BEGIN

Lemma local_cover_radius (I : Type) (U : I -> Div -> Prop) (i0 : I) :
  (forall i, open_in G K (U i)) -> (forall E, K E -> exists i, U i E) ->
  forall x, exists p : I * R, 0 < snd p /\
   (in_box ks lo hi x -> C x -> forall y, in_box ks lo hi y -> C y -> near ks (snd p) x y ->
      U (fst p) (Phi y)) /\
   (in_box ks lo hi x -> ~ C x -> forall y, in_box ks lo hi y -> near ks (snd p) x y -> ~ C y).
Proof.
intros Uopen Ucov x. destruct (classic (in_box ks lo hi x)) as [bx|nbx].
- destruct (classic (C x)) as [cx|ncx].
  + destruct (Ucov (Phi x) (Phi_into x bx cx)) as [i Ui].
    destruct (Uopen i) as [_ Hop]. destruct (Hop _ Ui) as [phis [eps [Fc [Heps Hnb]]]].
    destruct (Phi_cont x bx cx phis eps Fc Heps) as [dl [Hdl Hy]].
    exists (i, dl); simpl; split; [auto|]. split.
    * intros _ _ y by0 cy Hyx. apply Hnb, Hy; auto.
    * intros _ ncx; contradiction.
  + destruct (C_closed x bx ncx) as [dl [Hdl Hy]].
    exists (i0, dl); simpl; split; [auto|]. split; [tauto|]. intros _ _; apply Hy.
- exists (i0, 1); simpl; split; [lra|]. split; intros; contradiction.
Qed.

Lemma compact_transfer : box_cover_property ->
  (forall E, K E -> exists x, in_box ks lo hi x /\ C x /\ Phi x = E) ->
  compact_in G K.
Proof.
intros HB Hsurj I U Uopen Ucov.
destruct (classic (exists E, K E)) as [[E0 KE0]|nK].
2:{ exists nil. intros E KE. exfalso. apply nK. exists E; auto. }
destruct (Ucov E0 KE0) as [i0 _].
destruct (functional_choice _ (local_cover_radius I U i0 Uopen Ucov)) as [ch Hch].
destruct (HB T eqd ks lo hi (fun x => snd (ch x))) as [xs [Hxs Hcov]].
{ intros x; apply Hch. }
exists (map (fun x => fst (ch x)) xs).
intros E KE. destruct (Hsurj E KE) as [y [by0 [cy <-]]].
destruct (Hcov y by0) as [x [inx Hyx]].
exists (fst (ch x)). split; [apply (in_map (fun x => fst (ch x))); auto|].
destruct (Hch x) as [_ [H1 H2]].
destruct (classic (C x)) as [cx|ncx].
- apply (H1 (Hxs x inx) cx y by0 cy Hyx).
- exfalso. apply (H2 (Hxs x inx) ncx y by0 Hyx cy).
Qed.

End CompactTransfer.

(* Position of k in the list ks, used to identify the coordinates listed in
   ks with the entries of a row vector. *)
Fixpoint posn {T : Type} (eqd : forall a b : T, {a = b} + {a <> b}) (ks : list T) (k : T) : nat :=
  match ks with nil => 0%nat | cons a r => if eqd a k then 0%nat else S (posn eqd r k) end.

Lemma posn_spec {T : Type} (eqd : forall a b : T, {a = b} + {a <> b}) ks k d :
  In k ks -> (posn eqd ks k < length ks)%nat /\ nth (posn eqd ks k) ks d = k.
Proof.
induction ks as [|a r IH]; simpl; [tauto|].
intros H. destruct (eqd a k) as [->|ne]; [split; [lia|reflexivity]|].
destruct H as [->|H]; [congruence|]. destruct (IH H) as [h1 h2]. split; [lia|exact h2].
Qed.

From mathcomp Require Import all_boot all_order all_algebra.
From mathcomp Require Import all_classical all_reals all_analysis.
From mathcomp Require Import Rstruct Rstruct_topology finmap.
Import Order.TTheory GRing.Theory Num.Theory.
Local Open Scope ring_scope.
Local Open Scope classical_set_scope.

Lemma In_mem (T : eqType) (x : T) (s : seq T) : List.In x s -> x \in s.
Proof. elim: s => //= a s IH [->|/IH]; rewrite in_cons ?eqxx // => ->; by rewrite orbT. Qed.

Lemma mem_In (T : eqType) (x : T) (s : seq T) : x \in s -> List.In x s.
Proof. elim: s => //= a s IH; rewrite in_cons => /orP [/eqP ->|/IH]; [left|right] => //. Qed.

Lemma row_box_cover n (lo hi : 'I_n.+1 -> R) (delta : 'rV[R]_n.+1 -> R) :
  (forall w, 0 < delta w) ->
  exists W : {fset 'rV[R]_n.+1},
    (forall w, w \in W -> forall i, lo i <= w ord0 i <= hi i) /\
    (forall v : 'rV[R]_n.+1, (forall i, lo i <= v ord0 i <= hi i) -> exists2 w, w \in W & ball w (delta w) v).
Proof.
move=> dpos.
pose A := fun i => `[lo i, hi i]%classic.
pose B := [set v : 'rV[R]_n.+1 | forall i, A i (v ord0 i)].
have : compact B by apply: rV_compact => i; exact: segment_compact.
rewrite compact_cover => /(_ _ B (fun w => ball w (delta w)) (fun w _ => ball_open _ _)) [].
  by move=> v Bv; exists v => //; apply: ballxx; exact: dpos.
move=> W sWB cov; exists W; split.
  by move=> w /sWB /set_mem Bw i; have := Bw i; rewrite /A /= in_itv.
move=> v Bv; have [|w Ww bw] := cov v; last by exists w.
by move=> i; rewrite /A /= in_itv; exact: Bv.
Qed.

(* Heine-Borel for boxes indexed by a list of coordinates: number the
   coordinates by their positions in ks and apply row_box_cover. *)
Lemma box_cover : box_cover_property.
Proof.
move=> T eqd ks lo hi delta dpos.
case: ks => [|k0 ks'].
  exists [:: fun _ => 0%R]; split; first by move=> x _ k [].
  by move=> y _; exists (fun _ => 0%R); split; [left|move=> k []].
set ks := k0 :: ks'; set n := length ks'.
pose fv (w : 'rV[R]_n.+1) : T -> R := fun k => w ord0 (inord (posn eqd ks k)).
pose rv (y : T -> R) : 'rV[R]_n.+1 := \row_(i < n.+1) y (List.nth i ks k0).
have kpos k : List.In k ks -> (posn eqd ks k < n.+1)%N /\ List.nth (posn eqd ks k) ks k0 = k.
  by move=> /(posn_spec eqd ks k k0) [/ssrnat.ltP pl pn].
have [|W [WB Wcov]] := row_box_cover n (fun i => lo (List.nth i ks k0)) (fun i => hi (List.nth i ks k0))
  (fun w => delta (fv w)).
  by move=> w; apply/RltP; exact: dpos.
exists (List.map fv (enum_fset W)); split.
  move=> x /List.in_map_iff [w [<- /In_mem /WB Bw]] k /kpos [pl pn].
  by have /andP [/RleP h1 /RleP h2] := Bw (inord (posn eqd ks k)); rewrite /fv; move: h1 h2; rewrite inordK // pn.
move=> y ybox.
have [|w Ww bw] := Wcov (rv y).
  move=> i; rewrite /rv mxE.
  have hi' : List.In (List.nth i ks k0) ks by apply: List.nth_In; apply/ssrnat.ltP; exact: ltn_ord i.
  by have [/RleP -> /RleP ->] := ybox _ hi'.
exists (fv w); split; first by apply: List.in_map; apply: mem_In.
move=> k /kpos [pl pn].
move: bw; rewrite /ball /= => -[_ /(_ ord0 (inord (posn eqd ks k)))].
by rewrite /ball /= /rv mxE inordK // pn RabsE distrC => /RltP.
Qed.

Theorem mainTheorem19 (G : MGraph) (D : Div) (d : Z) :
  compact_connected_metric_graph G ->
  is_divisor G D -> effective D -> has_degree D d ->
  compact_in G (linear_system G D).
Proof.
intros [HnV [HG Hconn]] HD HDe Hdeg.
set (N := kink_bound d). set (M := vertex_bound G d).
apply (compact_transfer G (linear_system G D) Param param_eq_dec (param_keys G N)
  (box_lo M d) (box_hi G M d) (divisor_of G D N) (admissible G D N)).
- intros x Hb Cx. apply (param_in_system G D N M d); auto.
- intros x Hb Cx. apply (param_continuous G D N M d); auto.
- intros x Hb nC. apply (not_admissible_open G D N M d); auto.
- exact box_cover.
- intros E HE. apply (param_surjective G D d); auto.
Qed.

END

AIM OF THE EXERCISE
Lines wanted from the listing above: the line with "Proof. elim: s => //= a s IH;" up to and including the line with "(fun w => delta (fv w)).". Please write them out exactly, adding nothing else.

RESPONSE BOX
Proof. elim: s => //= a s IH; rewrite in_cons => /orP [/eqP ->|/IH]; [left|right] => //. Qed.

Lemma row_box_cover n (lo hi : 'I_n.+1 -> R) (delta : 'rV[R]_n.+1 -> R) :
  (forall w, 0 < delta w) ->
  exists W : {fset 'rV[R]_n.+1},
    (forall w, w \in W -> forall i, lo i <= w ord0 i <= hi i) /\
    (forall v : 'rV[R]_n.+1, (forall i, lo i <= v ord0 i <= hi i) -> exists2 w, w \in W & ball w (delta w) v).
Proof.
move=> dpos.
pose A := fun i => `[lo i, hi i]%classic.
pose B := [set v : 'rV[R]_n.+1 | forall i, A i (v ord0 i)].
have : compact B by apply: rV_compact => i; exact: segment_compact.
rewrite compact_cover => /(_ _ B (fun w => ball w (delta w)) (fun w _ => ball_open _ _)) [].
  by move=> v Bv; exists v => //; apply: ballxx; exact: dpos.
move=> W sWB cov; exists W; split.
  by move=> w /sWB /set_mem Bw i; have := Bw i; rewrite /A /= in_itv.
move=> v Bv; have [|w Ww bw] := cov v; last by exists w.
by move=> i; rewrite /A /= in_itv; exact: Bv.
Qed.

(* Heine-Borel for boxes indexed by a list of coordinates: number the
   coordinates by their positions in ks and apply row_box_cover. *)
Lemma box_cover : box_cover_property.
Proof.
move=> T eqd ks lo hi delta dpos.
case: ks => [|k0 ks'].
  exists [:: fun _ => 0%R]; split; first by move=> x _ k [].
  by move=> y _; exists (fun _ => 0%R); split; [left|move=> k []].
set ks := k0 :: ks'; set n := length ks'.
pose fv (w : 'rV[R]_n.+1) : T -> R := fun k => w ord0 (inord (posn eqd ks k)).
pose rv (y : T -> R) : 'rV[R]_n.+1 := \row_(i < n.+1) y (List.nth i ks k0).
have kpos k : List.In k ks -> (posn eqd ks k < n.+1)%N /\ List.nth (posn eqd ks k) ks k0 = k.
  by move=> /(posn_spec eqd ks k k0) [/ssrnat.ltP pl pn].
have [|W [WB Wcov]] := row_box_cover n (fun i => lo (List.nth i ks k0)) (fun i => hi (List.nth i ks k0))
  (fun w => delta (fv w)).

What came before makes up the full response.